(PROBLEM DESCRIPTION)
Below are entries; copy exactly the lines from the one with "Proof. by move=> vx;" through the one with "move=> viy; apply: subset_leq_card;", both included, and leave out the rest.

Dataset entries
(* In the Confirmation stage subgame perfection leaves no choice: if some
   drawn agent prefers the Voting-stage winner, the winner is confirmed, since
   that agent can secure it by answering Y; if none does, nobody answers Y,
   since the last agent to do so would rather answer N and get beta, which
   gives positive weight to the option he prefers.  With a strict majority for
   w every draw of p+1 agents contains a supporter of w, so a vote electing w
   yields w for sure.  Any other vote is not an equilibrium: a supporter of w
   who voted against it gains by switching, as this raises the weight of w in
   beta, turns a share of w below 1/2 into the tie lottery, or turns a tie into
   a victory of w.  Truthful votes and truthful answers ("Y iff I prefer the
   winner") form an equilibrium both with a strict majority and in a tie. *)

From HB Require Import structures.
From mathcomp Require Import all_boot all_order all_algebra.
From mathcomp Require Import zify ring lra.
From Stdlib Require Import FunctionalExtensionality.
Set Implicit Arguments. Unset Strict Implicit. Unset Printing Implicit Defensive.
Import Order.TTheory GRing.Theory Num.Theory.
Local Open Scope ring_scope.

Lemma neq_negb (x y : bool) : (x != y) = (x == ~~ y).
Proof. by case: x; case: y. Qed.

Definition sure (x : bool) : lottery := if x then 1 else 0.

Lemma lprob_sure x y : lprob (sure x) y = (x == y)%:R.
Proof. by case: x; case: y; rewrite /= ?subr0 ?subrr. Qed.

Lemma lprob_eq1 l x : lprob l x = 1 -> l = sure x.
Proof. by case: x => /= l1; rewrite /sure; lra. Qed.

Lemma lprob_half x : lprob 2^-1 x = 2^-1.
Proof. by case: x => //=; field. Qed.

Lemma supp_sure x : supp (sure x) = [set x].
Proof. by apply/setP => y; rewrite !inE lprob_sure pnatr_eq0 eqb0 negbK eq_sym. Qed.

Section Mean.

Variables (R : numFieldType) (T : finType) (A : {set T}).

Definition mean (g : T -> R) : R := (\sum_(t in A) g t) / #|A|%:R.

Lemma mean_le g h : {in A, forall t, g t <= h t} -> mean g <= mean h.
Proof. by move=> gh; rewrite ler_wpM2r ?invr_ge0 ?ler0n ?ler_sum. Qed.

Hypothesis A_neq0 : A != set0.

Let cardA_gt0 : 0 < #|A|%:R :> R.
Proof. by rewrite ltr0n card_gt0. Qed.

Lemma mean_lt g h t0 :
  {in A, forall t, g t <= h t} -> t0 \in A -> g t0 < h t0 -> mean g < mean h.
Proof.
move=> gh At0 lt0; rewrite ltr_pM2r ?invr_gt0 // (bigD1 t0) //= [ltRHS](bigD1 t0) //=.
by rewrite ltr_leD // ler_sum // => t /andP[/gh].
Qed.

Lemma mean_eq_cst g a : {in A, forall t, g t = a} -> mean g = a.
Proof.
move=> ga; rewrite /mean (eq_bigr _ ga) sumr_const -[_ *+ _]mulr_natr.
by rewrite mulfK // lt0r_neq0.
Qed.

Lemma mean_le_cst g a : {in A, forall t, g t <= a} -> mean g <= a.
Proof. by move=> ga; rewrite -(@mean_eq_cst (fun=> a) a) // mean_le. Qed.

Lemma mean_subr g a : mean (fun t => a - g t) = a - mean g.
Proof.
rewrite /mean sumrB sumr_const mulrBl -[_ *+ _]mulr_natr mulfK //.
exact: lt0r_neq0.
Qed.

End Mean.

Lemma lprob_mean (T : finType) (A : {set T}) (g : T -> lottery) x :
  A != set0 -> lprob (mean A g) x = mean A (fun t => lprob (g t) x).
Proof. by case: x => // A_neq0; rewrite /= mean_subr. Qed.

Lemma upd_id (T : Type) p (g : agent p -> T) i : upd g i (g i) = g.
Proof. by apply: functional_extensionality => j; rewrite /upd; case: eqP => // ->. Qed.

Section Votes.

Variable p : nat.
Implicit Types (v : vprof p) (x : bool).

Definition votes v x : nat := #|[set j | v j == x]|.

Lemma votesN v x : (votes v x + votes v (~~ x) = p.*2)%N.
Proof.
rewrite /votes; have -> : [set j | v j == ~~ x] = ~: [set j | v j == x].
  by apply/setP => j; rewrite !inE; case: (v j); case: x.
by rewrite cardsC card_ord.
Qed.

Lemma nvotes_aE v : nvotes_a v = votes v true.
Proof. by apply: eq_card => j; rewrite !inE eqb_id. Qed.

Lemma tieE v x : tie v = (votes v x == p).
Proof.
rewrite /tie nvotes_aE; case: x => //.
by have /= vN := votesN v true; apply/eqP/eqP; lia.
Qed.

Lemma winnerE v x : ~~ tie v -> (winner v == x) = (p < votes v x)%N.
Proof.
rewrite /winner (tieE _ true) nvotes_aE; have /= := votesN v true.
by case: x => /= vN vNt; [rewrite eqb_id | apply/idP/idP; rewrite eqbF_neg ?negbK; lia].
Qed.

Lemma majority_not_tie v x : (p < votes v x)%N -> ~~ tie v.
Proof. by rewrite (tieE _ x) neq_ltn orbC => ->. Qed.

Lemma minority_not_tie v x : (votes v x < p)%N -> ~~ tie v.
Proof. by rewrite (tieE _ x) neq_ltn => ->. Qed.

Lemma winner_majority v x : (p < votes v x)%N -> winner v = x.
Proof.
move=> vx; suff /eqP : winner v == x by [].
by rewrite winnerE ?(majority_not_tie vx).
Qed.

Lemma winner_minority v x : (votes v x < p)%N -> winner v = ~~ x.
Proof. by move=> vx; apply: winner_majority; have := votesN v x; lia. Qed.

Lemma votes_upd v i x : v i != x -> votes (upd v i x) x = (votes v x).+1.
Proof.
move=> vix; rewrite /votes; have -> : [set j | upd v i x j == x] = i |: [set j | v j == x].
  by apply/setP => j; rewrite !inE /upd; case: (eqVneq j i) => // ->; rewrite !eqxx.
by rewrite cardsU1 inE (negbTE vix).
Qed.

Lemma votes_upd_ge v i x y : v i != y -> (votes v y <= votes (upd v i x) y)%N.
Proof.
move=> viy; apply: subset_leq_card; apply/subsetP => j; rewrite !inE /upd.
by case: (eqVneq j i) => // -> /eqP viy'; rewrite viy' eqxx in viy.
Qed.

---

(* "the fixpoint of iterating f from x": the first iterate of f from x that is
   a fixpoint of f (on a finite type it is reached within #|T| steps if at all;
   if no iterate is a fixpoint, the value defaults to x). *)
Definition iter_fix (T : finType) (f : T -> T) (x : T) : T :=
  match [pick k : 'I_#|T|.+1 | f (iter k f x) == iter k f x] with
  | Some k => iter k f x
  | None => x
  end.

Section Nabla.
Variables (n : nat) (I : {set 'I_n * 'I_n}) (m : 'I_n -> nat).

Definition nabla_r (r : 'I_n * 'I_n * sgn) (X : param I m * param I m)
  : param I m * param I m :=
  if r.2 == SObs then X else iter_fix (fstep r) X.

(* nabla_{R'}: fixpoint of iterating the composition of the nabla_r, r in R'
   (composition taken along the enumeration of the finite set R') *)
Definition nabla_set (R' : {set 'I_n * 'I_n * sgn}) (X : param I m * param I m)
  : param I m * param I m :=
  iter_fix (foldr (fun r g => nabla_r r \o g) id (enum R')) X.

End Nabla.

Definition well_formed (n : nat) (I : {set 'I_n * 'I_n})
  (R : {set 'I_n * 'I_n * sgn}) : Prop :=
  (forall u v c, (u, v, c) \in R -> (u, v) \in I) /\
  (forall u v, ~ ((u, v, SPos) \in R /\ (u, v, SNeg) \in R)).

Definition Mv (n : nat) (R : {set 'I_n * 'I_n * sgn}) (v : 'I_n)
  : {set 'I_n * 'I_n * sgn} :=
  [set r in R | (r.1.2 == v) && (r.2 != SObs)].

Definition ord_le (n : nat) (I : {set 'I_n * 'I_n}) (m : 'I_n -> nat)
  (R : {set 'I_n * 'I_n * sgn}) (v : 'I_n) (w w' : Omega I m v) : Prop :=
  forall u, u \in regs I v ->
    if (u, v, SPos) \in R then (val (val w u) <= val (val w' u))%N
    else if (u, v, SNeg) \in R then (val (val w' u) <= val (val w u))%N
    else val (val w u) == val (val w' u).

* * *

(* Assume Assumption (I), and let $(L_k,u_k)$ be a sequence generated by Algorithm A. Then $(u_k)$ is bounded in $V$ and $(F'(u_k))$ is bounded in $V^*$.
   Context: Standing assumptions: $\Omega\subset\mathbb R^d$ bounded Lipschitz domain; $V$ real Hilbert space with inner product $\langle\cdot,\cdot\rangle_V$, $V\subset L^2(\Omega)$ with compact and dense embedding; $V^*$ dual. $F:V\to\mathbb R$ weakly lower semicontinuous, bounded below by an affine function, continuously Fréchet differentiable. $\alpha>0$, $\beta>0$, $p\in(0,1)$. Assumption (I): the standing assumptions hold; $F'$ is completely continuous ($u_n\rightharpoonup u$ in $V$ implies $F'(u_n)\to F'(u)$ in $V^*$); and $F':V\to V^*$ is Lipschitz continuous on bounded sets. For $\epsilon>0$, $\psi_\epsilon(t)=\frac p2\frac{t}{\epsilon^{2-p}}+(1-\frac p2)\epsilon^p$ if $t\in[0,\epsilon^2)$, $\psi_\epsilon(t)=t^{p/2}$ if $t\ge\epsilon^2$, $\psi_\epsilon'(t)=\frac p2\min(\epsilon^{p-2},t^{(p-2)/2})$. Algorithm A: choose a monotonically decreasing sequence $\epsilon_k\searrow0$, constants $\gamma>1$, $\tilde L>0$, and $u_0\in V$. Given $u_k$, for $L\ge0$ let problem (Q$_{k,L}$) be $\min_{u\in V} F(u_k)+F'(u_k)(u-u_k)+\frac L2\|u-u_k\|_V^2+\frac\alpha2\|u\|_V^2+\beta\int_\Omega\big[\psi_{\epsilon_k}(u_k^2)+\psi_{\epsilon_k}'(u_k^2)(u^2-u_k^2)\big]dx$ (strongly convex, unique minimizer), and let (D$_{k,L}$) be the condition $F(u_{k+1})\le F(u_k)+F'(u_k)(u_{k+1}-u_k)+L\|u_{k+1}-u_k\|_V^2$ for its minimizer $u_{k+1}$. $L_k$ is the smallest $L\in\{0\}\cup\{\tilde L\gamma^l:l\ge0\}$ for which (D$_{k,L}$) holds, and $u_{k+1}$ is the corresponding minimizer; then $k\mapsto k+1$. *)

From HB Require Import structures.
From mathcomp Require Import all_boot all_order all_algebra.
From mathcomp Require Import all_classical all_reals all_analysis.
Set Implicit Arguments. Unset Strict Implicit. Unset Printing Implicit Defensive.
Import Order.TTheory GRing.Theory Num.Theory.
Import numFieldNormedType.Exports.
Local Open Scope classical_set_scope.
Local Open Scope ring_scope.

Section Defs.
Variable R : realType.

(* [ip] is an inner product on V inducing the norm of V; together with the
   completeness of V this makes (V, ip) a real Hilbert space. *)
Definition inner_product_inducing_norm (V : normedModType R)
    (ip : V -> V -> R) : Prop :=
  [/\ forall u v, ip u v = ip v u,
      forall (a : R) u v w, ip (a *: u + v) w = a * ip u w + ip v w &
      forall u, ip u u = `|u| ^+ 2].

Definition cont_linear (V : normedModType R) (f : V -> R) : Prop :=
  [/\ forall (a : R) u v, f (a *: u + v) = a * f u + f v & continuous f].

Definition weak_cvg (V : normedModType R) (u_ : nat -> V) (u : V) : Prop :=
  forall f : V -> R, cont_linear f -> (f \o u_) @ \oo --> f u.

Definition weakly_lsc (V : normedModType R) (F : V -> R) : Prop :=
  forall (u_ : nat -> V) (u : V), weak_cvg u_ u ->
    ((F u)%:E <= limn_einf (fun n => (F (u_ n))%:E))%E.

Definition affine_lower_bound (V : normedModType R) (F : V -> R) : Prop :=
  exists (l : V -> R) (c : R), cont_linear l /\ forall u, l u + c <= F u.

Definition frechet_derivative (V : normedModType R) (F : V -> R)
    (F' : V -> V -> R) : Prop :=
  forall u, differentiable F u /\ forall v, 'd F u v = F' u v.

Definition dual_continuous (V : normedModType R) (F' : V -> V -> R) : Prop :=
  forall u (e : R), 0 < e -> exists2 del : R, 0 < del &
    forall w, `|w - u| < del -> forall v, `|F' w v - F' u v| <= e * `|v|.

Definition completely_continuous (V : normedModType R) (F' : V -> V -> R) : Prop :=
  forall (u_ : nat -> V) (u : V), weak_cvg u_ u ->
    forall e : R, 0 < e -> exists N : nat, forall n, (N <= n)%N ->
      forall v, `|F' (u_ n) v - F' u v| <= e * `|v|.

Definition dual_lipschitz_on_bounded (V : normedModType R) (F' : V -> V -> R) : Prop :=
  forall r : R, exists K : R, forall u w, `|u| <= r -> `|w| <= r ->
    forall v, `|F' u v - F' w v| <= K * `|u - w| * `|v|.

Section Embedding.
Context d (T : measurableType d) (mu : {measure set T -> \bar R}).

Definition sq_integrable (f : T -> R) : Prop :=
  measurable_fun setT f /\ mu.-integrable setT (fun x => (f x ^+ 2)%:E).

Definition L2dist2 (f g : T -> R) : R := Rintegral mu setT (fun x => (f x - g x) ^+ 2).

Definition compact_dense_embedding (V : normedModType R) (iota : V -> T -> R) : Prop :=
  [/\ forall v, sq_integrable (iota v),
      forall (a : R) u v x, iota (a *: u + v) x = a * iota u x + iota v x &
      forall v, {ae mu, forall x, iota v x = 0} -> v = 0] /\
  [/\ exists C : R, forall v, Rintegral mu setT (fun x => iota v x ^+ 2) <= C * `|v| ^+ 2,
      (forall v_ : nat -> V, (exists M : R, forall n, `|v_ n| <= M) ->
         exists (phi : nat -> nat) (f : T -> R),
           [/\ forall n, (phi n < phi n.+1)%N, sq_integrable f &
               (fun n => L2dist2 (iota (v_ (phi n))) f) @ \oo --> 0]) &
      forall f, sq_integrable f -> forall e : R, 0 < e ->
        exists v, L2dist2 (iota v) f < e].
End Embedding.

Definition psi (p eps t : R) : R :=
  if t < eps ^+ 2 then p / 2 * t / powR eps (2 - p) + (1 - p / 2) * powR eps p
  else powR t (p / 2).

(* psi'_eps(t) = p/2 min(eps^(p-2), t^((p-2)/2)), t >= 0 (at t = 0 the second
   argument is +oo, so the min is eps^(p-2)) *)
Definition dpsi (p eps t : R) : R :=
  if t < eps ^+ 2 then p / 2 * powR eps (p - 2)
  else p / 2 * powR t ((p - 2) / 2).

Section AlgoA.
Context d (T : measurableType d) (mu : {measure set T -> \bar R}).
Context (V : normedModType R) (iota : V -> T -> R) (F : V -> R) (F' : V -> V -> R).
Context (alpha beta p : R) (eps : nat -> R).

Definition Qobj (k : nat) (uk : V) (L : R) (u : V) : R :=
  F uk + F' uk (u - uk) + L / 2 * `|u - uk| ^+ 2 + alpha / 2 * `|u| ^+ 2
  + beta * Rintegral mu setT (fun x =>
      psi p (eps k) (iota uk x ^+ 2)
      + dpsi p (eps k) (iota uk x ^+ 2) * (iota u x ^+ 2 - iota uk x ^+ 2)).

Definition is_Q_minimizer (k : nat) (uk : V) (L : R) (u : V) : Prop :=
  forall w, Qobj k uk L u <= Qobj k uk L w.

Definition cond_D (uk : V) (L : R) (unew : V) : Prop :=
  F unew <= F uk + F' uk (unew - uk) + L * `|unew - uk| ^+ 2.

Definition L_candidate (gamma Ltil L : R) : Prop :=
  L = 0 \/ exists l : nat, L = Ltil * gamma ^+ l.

(RESPONSE AREA)
Proof. by move=> vx; apply: winner_majority; have := votesN v x; lia. Qed.

Lemma votes_upd v i x : v i != x -> votes (upd v i x) x = (votes v x).+1.
Proof.
move=> vix; rewrite /votes; have -> : [set j | upd v i x j == x] = i |: [set j | v j == x].
  by apply/setP => j; rewrite !inE /upd; case: (eqVneq j i) => // ->; rewrite !eqxx.
by rewrite cardsU1 inE (negbTE vix).
Qed.

Lemma votes_upd_ge v i x y : v i != y -> (votes v y <= votes (upd v i x) y)%N.
Proof.
move=> viy; apply: subset_leq_card; apply/subsetP => j; rewrite !inE /upd.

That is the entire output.